Antigens of H1N1 (EA H1N1 and pdm/09 H1N1 subtypes) and H3N2 subtypes were provided by Harbin Veterinary Research Institute, Chinese Academy of Agriculture Sciences (Harbin, China).

2.4. Hemagglutination Inhibition (HI) Tests

Before the HI tests were performed, all serum samples were treated using the Trypsin-Heat-Periodate method (General Administration of Quality Supervision, Inspection, and Quarantine of the People's Republic of China, Standardization Administration GB/T 27535-2011 Detection method of hemagglutination inhibition antibody against swine influenza [S]. Beijing: Standards Press of China, 2012. (in Chinese)) to remove nonspecific hemagglutinating inhibitors. In brief, 15 μL of trypsin (0.8% W/V) was added to 30 μL of serum, and the mixture was incubated for 30 min at 56°C. The samples were then cooled to room temperature, and immediately after, 90 μL of potassium periodate (0.01 mol/L) was added. The mixture was then incubated at room temperature for 15 min. Then, 90 μL of glycerin (1%) was added, and the mixture was incubated at room temperature for 15 min. Finally, 75 μL of phosphate-buffered saline was added, and the mixture was stored at 4°C.

The prepared serum samples (30 μL) were mixed with four hemagglutinin units of virus (30 μL) in 96-well plates and cultured at room temperature for 15 min. A volume of 30 μL of chicken erythrocytes (1%) was added to each well, mixed, and then cultured at room temperature for 15 min. In each test conducted, the serum (standard positive serum) against EA H1N1, pdm/09 H1N1, and H3N2 IAV-S were used as positive controls, and SPF chicken serum (standard negative serum) was used for negative controls. HI antibody titers ≥1: 10 were defined as serologically positive.

3. Results

All serum samples were tested for antibodies specific to EA H1N1, pdm/09 H1N1, and H3N2 subtype viral antigens using the HI test.

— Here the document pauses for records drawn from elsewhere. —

(* Let $V\subseteq\mathcal V$ be finite, $\mathcal E\in\mathit{DProg}(V)$, $W\subseteq\mathcal V$ finite and $Q$ a projector on $\mathcal H_W$. Then $wp^p.\mathcal E.Q=E(\mathcal E^\dagger(Q))$, $wlp^p.\mathcal E.Q=\mathcal N(\mathcal E^\dagger(Q^\perp))$, and $sp^p.\mathcal E.Q=\lceil\mathcal E(Q)\rceil$.
   Context: $\mathcal V$ is a countably infinite set of qubit variables; $\mathcal H_V=\bigotimes_{q\in V}\mathcal H_q$. $\mathcal D(\mathcal H)$: partial density operators; projectors are identified with their image subspaces, ordered by inclusion $\sqsubseteq$; $Q^\perp=I-Q$. $\mathit{DProg}(V)$: completely positive trace-nonincreasing super-operators on $\mathcal L(\mathcal H_V)$; $\mathcal E^\dagger$ its adjoint (${\rm tr}(\mathcal E(A)B)={\rm tr}(A\mathcal E^\dagger(B))$). Convention: operators and super-operators are implicitly extended to $\mathcal H_{V\cup W}$ (and larger systems) by tensoring with identities; all projectors below are regarded on $\mathcal H_{V\cup W}$. $E(A)=\{|\psi\rangle:A|\psi\rangle=|\psi\rangle\}$; $\mathcal N(B)=\{|\psi\rangle:\langle\psi|B|\psi\rangle=0\}$; $\lceil\rho\rceil$ is the support of a positive $\rho$ (span of eigenvectors with nonzero eigenvalues). For projectors $P,Q$: $\mathcal E\models_{tot}(P,Q)$ iff for all finite $X\supseteq V\cup W$ and $\rho\in\mathcal D(\mathcal H_X)$, ${\rm tr}(P\rho)\le{\rm tr}(Q\mathcal E(\rho))$; $\mathcal E\models_{par}(P,Q)$ iff for all such $X,\rho$, ${\rm tr}(P\rho)\le{\rm tr}(Q\mathcal E(\rho))+{\rm tr}(\rho)-{\rm tr}(\mathcal E(\rho))$. $wp^p.\mathcal E.Q$ is the largest projector $P$ (w.r.t. $\sqsubseteq$) with $\mathcal E\models_{tot}(P,Q)$; $wlp^p.\mathcal E.Q$ the largest projector $P$ with $\mathcal E\models_{par}(P,Q)$; $sp^p.\mathcal E.Q$ the smallest projector $R$ with $\mathcal E\models_{par}(Q,R)$. *)

From HB Require Import structures.
From mathcomp Require Import all_boot all_order all_algebra.
From mathcomp Require Import finmap.

Set Implicit Arguments.
Unset Strict Implicit.
Unset Printing Implicit Defensive.

Import Order.TTheory GRing.Theory Num.Theory.
Local Open Scope ring_scope.


(* Qubit variables: nat (countably infinite).  A finite set of variables is
   X : {fset nat}.  The computational basis of H_X is indexed by the
   classical assignments X -> bool. *)
Definition Bs (X : {fset nat}) := {ffun X -> bool}.
Definition dim (X : {fset nat}) : nat := #|{: Bs X}|.

Definition Op (C : numClosedFieldType) (X : {fset nat}) := 'M[C]_(dim X).
Definition Vec (C : numClosedFieldType) (X : {fset nat}) := 'cV[C]_(dim X).

Definition rk (X : {fset nat}) (s : Bs X) : 'I_(dim X) := enum_rank s.
Definition ev (X : {fset nat}) (i : 'I_(dim X)) : Bs X := enum_val i.

(* restriction of an assignment on X to V (meaningful when V is a subset of X) *)
Definition rest (V X : {fset nat}) (s : Bs X) : Bs V :=
  [ffun v : V => odflt false (omap s (insub (val v)))].
Arguments rest V {X} s.

Definition comb (V X : {fset nat}) (a : Bs V) (s : Bs X) : Bs X :=
  [ffun x : X => odflt (s x) (omap a (insub (val x)))].

Definition hadj (C : numClosedFieldType) m n (A : 'M[C]_(m, n)) : 'M[C]_(n, m) :=
  map_mx Num.conj A^T.

(* implicit extension A (x) I_{X \ V} of an operator A on H_V to H_X *)
Definition ext (C : numClosedFieldType) (V X : {fset nat}) (A : Op C V) : Op C X :=
  \matrix_(i, j)
    (if [forall x : X, (val x \notin V) ==> (ev i x == ev j x)]
     then A (rk (rest V (ev i))) (rk (rest V (ev j))) else 0).
Arguments ext {C} V X A.

(* implicit extension E (x) id_{X \ V} of a super-operator E on L(H_V) to
   L(H_X): E acts on each (V-)block of rho indexed by the X\V-parts. *)
Definition sext (C : numClosedFieldType) (V X : {fset nat})
    (E : Op C V -> Op C V) (rho : Op C X) : Op C X :=
  \matrix_(i, j)
    E (\matrix_(a, b) rho (rk (comb (ev a) (ev i))) (rk (comb (ev b) (ev j))))
      (rk (rest V (ev i))) (rk (rest V (ev j))).
Arguments sext {C} V X E rho.

Definition psd (C : numClosedFieldType) n (A : 'M[C]_n) : Prop :=
  forall x : 'cV[C]_n, 0 <= (hadj x *m A *m x) 0 0.
Definition pdens (C : numClosedFieldType) n (A : 'M[C]_n) : Prop :=
  psd A /\ \tr A <= 1.

(* DProg(V): completely positive, trace-nonincreasing super-operators
   (complete positivity = positivity of E (x) id on every finite
   register extension H_X, X containing V). *)
Definition is_DProg (C : numClosedFieldType) (V : {fset nat})
    (E : Op C V -> Op C V) : Prop :=
  [/\ (forall (a : C) (A B : Op C V), E (a *: A + B) = a *: E A + E B),
      (forall X : {fset nat}, (V `<=` X)%fset ->
         forall rho : Op C X, psd rho -> psd (sext V X E rho)) &
      (forall rho : Op C V, psd rho -> \tr (E rho) <= \tr rho)].

Definition proj (C : numClosedFieldType) n (P : 'M[C]_n) : Prop :=
  P *m P = P /\ hadj P = P.
Definition img (C : numClosedFieldType) n (P : 'M[C]_n) (x : 'cV[C]_n) : Prop :=
  exists y : 'cV[C]_n, x = P *m y.
Definition sp_eq (C : numClosedFieldType) n (S T : 'cV[C]_n -> Prop) : Prop :=
  forall x, S x <-> T x.
Definition psub (C : numClosedFieldType) n (P P' : 'M[C]_n) : Prop :=
  forall x, img P x -> img P' x.

Definition fixsp (C : numClosedFieldType) n (A : 'M[C]_n) (x : 'cV[C]_n) : Prop :=
  A *m x = x.
Definition nullsp (C : numClosedFieldType) n (B : 'M[C]_n) (x : 'cV[C]_n) : Prop :=
  (hadj x *m B *m x) 0 0 = 0.
Definition supp (C : numClosedFieldType) n (rho : 'M[C]_n) (x : 'cV[C]_n) : Prop :=
  exists (k : nat) (vs : 'I_k -> 'cV[C]_n) (cs : 'I_k -> C),
    (forall i, vs i != 0 /\ exists l : C, l != 0 /\ rho *m vs i = l *: vs i) /\
    x = \sum_(i < k) cs i *: vs i.

(* Hoare triples; P, Q are projectors on H_Y with Y = V `|` W (V = variables
   of the program, W = variables of the assertions); everything is extended
   to an arbitrary finite X containing Y. *)
Definition sat_tot (C : numClosedFieldType) (V W : {fset nat})
    (E : Op C V -> Op C V) (P Q : Op C (V `|` W)%fset) : Prop :=
  forall X : {fset nat}, (V `|` W `<=` X)%fset -> forall rho : Op C X, pdens rho ->
    \tr (ext (V `|` W)%fset X P *m rho) <= \tr (ext (V `|` W)%fset X Q *m sext V X E rho).

Definition sat_par (C : numClosedFieldType) (V W : {fset nat})
    (E : Op C V -> Op C V) (P Q : Op C (V `|` W)%fset) : Prop :=
  forall X : {fset nat}, (V `|` W `<=` X)%fset -> forall rho : Op C X, pdens rho ->
    \tr (ext (V `|` W)%fset X P *m rho) <=
    \tr (ext (V `|` W)%fset X Q *m sext V X E rho) + \tr rho - \tr (sext V X E rho).

Definition largest_proj (C : numClosedFieldType) n (Pr : 'M[C]_n -> Prop)
    (P : 'M[C]_n) : Prop :=
  [/\ proj P, Pr P & forall P', proj P' -> Pr P' -> psub P' P].
Definition smallest_proj (C : numClosedFieldType) n (Pr : 'M[C]_n -> Prop)
    (P : 'M[C]_n) : Prop :=
  [/\ proj P, Pr P & forall P', proj P' -> Pr P' -> psub P P'].

(* Every condition on an arbitrary register X containing Y = V `|` W reduces to
   Y itself: the trace of an extended operator against rho only sees the
   partial trace of rho onto Y, and the partial trace commutes with the lifted
   program.  On Y write G for the lifting of E and F for that of E^dagger, so
   that tr (M (G rho)) = tr ((F M) rho).  For a projector Q both F Q and
   I - F Q are positive, and for any such effect T the largest projector P with
   tr (P rho) <= tr (T rho) on all states is the projector onto the fixed space
   of T: a vector fixed by P, tested as a pure state, is fixed by T.  This gives
   wp with T = F Q, and wlp with T = I - F Q^perp, since
   tr (Q G rho) + tr rho - tr (G rho) = tr ((I - F Q^perp) rho) and the fixed
   space of I - F Q^perp is the null space of F Q^perp.  For sp, let R project
   onto the range of G Q: tr ((F R^perp) Q) = tr (R^perp G Q) = 0 forces
   (F R^perp) Q = 0, whence Q <= I - F R^perp; conversely, testing a triple
   {Q} E {R'} on a multiple of Q gives tr (R'^perp G Q) <= 0, so R' contains the
   range of G Q. *)

From Pilot Require Import Defs.
From HB Require Import structures.
From mathcomp Require Import all_boot all_order all_algebra.
From mathcomp Require Import finmap.
From mathcomp Require Import sesquilinear spectral ring.

Set Implicit Arguments.
Unset Strict Implicit.
Unset Printing Implicit Defensive.

Import Order.TTheory GRing.Theory Num.Theory.
Local Open Scope ring_scope.
Local Open Scope sesquilinear_scope.

(** * Assignments and their sums *)

Section Assignments.
Variables (V X : {fset nat}).

Lemma combE (a : Bs V) (s : Bs X) (x : X) :
  comb a s x = if insub (val x) is Some v then a v else s x.
Proof. by rewrite ffunE; case: insub. Qed.

Lemma restE (s : Bs X) (v : V) :
  rest V s v = if insub (val v) is Some x then s x else false.
Proof. by rewrite ffunE; case: insub. Qed.

Lemma comb_comb (a b : Bs V) (s : Bs X) : comb a (comb b s) = comb a s.
Proof. by apply/ffunP => x; rewrite !combE; case: insubP. Qed.

Lemma comb_rest (s : Bs X) : comb (rest V s) s = s.
Proof.
apply/ffunP => x; rewrite combE.
case: insubP => // v _ vx; rewrite restE insubT /=; first by rewrite vx; exact: valP.
by move=> h; congr (s _); apply: val_inj.
Qed.

Lemma comb_rest_comb (a : Bs V) (s : Bs X) : comb (rest V s) (comb a s) = s.
Proof. by rewrite comb_comb comb_rest. Qed.

Definition agree_off (s t : Bs X) :=
  [forall x : X, (val x \notin V) ==> (s x == t x)].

Of the 40,343 pig serum samples tested, 19,682 (48.79%) were positive. Among which, the highest positivity rate was for EA H1N1 (9,986; 24.75%), followed by pdm/09 H1N1 (3,205; 7.94%). Only 24 samples were positive for H3N2 (0.06%). Copositive samples were also analyzed, with 6389 being positive for EA H1N1 and pdm/09 H1N1 (15.84%). A total of 37 samples were copositive for H3N2 and EA H1N1 (0.09%), while 18 samples were copositive for pdm/09 H1N1 (0.04%). A total of 23 samples were positive for all antigens, including those from EA H1N1, pdm/09 H1N1, and H3N2 (0.06%; Table 1). Thus, the results showed that positivity to the H1N1 subtype was dominant. There were also cases of mixed infections involving two or three subtypes.

Table 1.

Serological survey of the feeding stages of IAV-S in the swine population in China, 2016-2021.

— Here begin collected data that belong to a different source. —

Lemma anchor_in {Z} : cval Z !=set0 -> cval Z (anchor Z).
Proof.
move=> Z0; rewrite anchorE //; apply: (itv_closed_infimums Z0 (cval_closed Z)).
by split; [exact: ge_inf (has_lbound_cval Z) | move=> x; exact: lb_le_inf].
Qed.

Lemma anchor_le {Z x} : cval Z x -> anchor Z <= x.
Proof. by move=> Zx; rewrite anchorE; [exact: (ge_inf (has_lbound_cval Z) Zx) | exists x]. Qed.

Lemma anchor_ge Z a : cval Z !=set0 -> lbound (cval Z) a -> a <= anchor Z.
Proof. by move=> Z0 aZ; rewrite anchorE //; exact: lb_le_inf. Qed.

Lemma spread_ge {Z x y} : cval Z x -> cval Z y -> y - x <= spread Z.
Proof.
move=> Zx Zy; rewrite spreadE; last by exists x.
apply: lerB; first exact: (ub_le_sup (has_ubound_cval Z) Zy).
exact: (ge_inf (has_lbound_cval Z) Zx).
Qed.

Lemma spread_le Z a b : cval Z !=set0 -> cval Z `<=` [set x | a <= x <= b] ->
  spread Z <= b - a.
Proof.
move=> Z0 Zab; rewrite spreadE //; apply: lerB.
  by apply: ge_sup => // x /Zab /andP[].
by apply: lb_le_inf => // x /Zab /andP[].
Qed.

Lemma nonemptyC_hitsT : nonemptyC u = hits setT.
Proof. by apply/seteqP; split => Z; rewrite /hits /= setIT. Qed.

Lemma measurable_nonemptyC : measurable (nonemptyC u).
Proof. by rewrite nonemptyC_hitsT; apply: measurable_hits_closed; exact: closedT. Qed.

Lemma anchor_itvcc_hits a b :
  nonemptyC u `&` anchor @^-1` `[a, b] `<=` hits [set x | a <= x <= b].
Proof.
by move=> Z [Z0]; rewrite /= in_itv => abZ; exists (anchor Z); split; [exact: anchor_in|].
Qed.

Lemma nonemptyC_anchor_itvcc a b : 0 <= b ->
  nonemptyC u `&` anchor @^-1` `[a, b] =
  hits [set x | 0 <= x <= b] `&` misses [set x | x < a].
Proof.
move=> b0; apply/seteqP; split => Z.
  move=> [Z0]; rewrite /= in_itv /= => /andP[aZ Zb]; split.
    exists (anchor Z); split; first exact: anchor_in.
    by have /cval_sub/andP[z0 _] := anchor_in Z0; rewrite /= z0 Zb.
  apply/seteqP; split => // x [Zx xa]; have := anchor_le Zx; rewrite /= in xa; lra.
move=> [[x [Zx /andP[_ xb]]] Za]; have Z0 : cval Z !=set0 by exists x.
split => //; rewrite /= in_itv /=; apply/andP; split; last exact: le_trans (anchor_le Zx) xb.
apply: anchor_ge => // z Zz; rewrite leNgt; apply/negP => za.
by have : (cval Z `&` [set x | x < a]) z by []; rewrite Za.
Qed.

Lemma measurable_anchor_itvcc a b : 0 <= b ->
  measurable (nonemptyC u `&` anchor @^-1` `[a, b]).
Proof.
move=> b0; rewrite nonemptyC_anchor_itvcc //; apply: measurableI.
  by apply: measurable_hits_closed; exact: closed_segment.
by apply: measurable_misses_open; exact: open_lt.
Qed.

Pigs of different ages EA H1N1 Pdm/09 H1N1 H3N2 EA H1N1 and pdm/09 H1N1 EA H1N1 and H3N2 Pdm/09 H1N1 and H3N2 EA H1N1, pdm/09 H1N1 and H3N2 Total
Piglets 1400/4613 (30.35)a 308/4613 (6.68) 4/4613 (0.09) 1384/4613 (30.00) 2/4613 (0.04) 1/4613
(0.02)		 1/4613
(0.02)		 3100/4613 (67.20)
Nursery pigs 800/4060 (19.70) 313/4060 (7.71) 0 565/4060
(13.92)		 0 0 0 1678/4060 (41.33)
Fattening pigs 1507/4231 (35.62) 300/4231 (7.09) 0 528/4231
(12.48)		 3/4231 (0.07) 1/4231
(0.02)		 0 2339/4231 (55.28)
Gilts 1160/7018 (16.53) 500/7018 (7.12) 4/7018 (0.06) 1352/7018 (19.26) 6/7018 (0.09) 4/7018
(0.06)		 6/7018
(0.09)		 3032/7018 (43.20)
Sows 3877/15121 (25.64) 1538/15121 (10.17) 15/15121 (0.10) 1895/15121 (12.53) 16/15121 (0.11) 8/15121
(0.05)		 10/15121
(0.07)		 7359/15121 (48.67)
Boars 1242/5300 (23.43) 246/5300 (4.64) 1/5300 (0.02) 665/5300
(12.55)		 10/5300 (0.19) 4/5300
(0.08)		 6/5300
(0.11)		 2174/5300 (41.02)
Total 9986/40343 (24.75) 3205/40343 (7.94) 24/40343 (0.06) 6389/40343 (15.84) 37/40343 (0.09) 18/40343 (0.04) 23/40343
(0.06)		 19682/40343 (48.79)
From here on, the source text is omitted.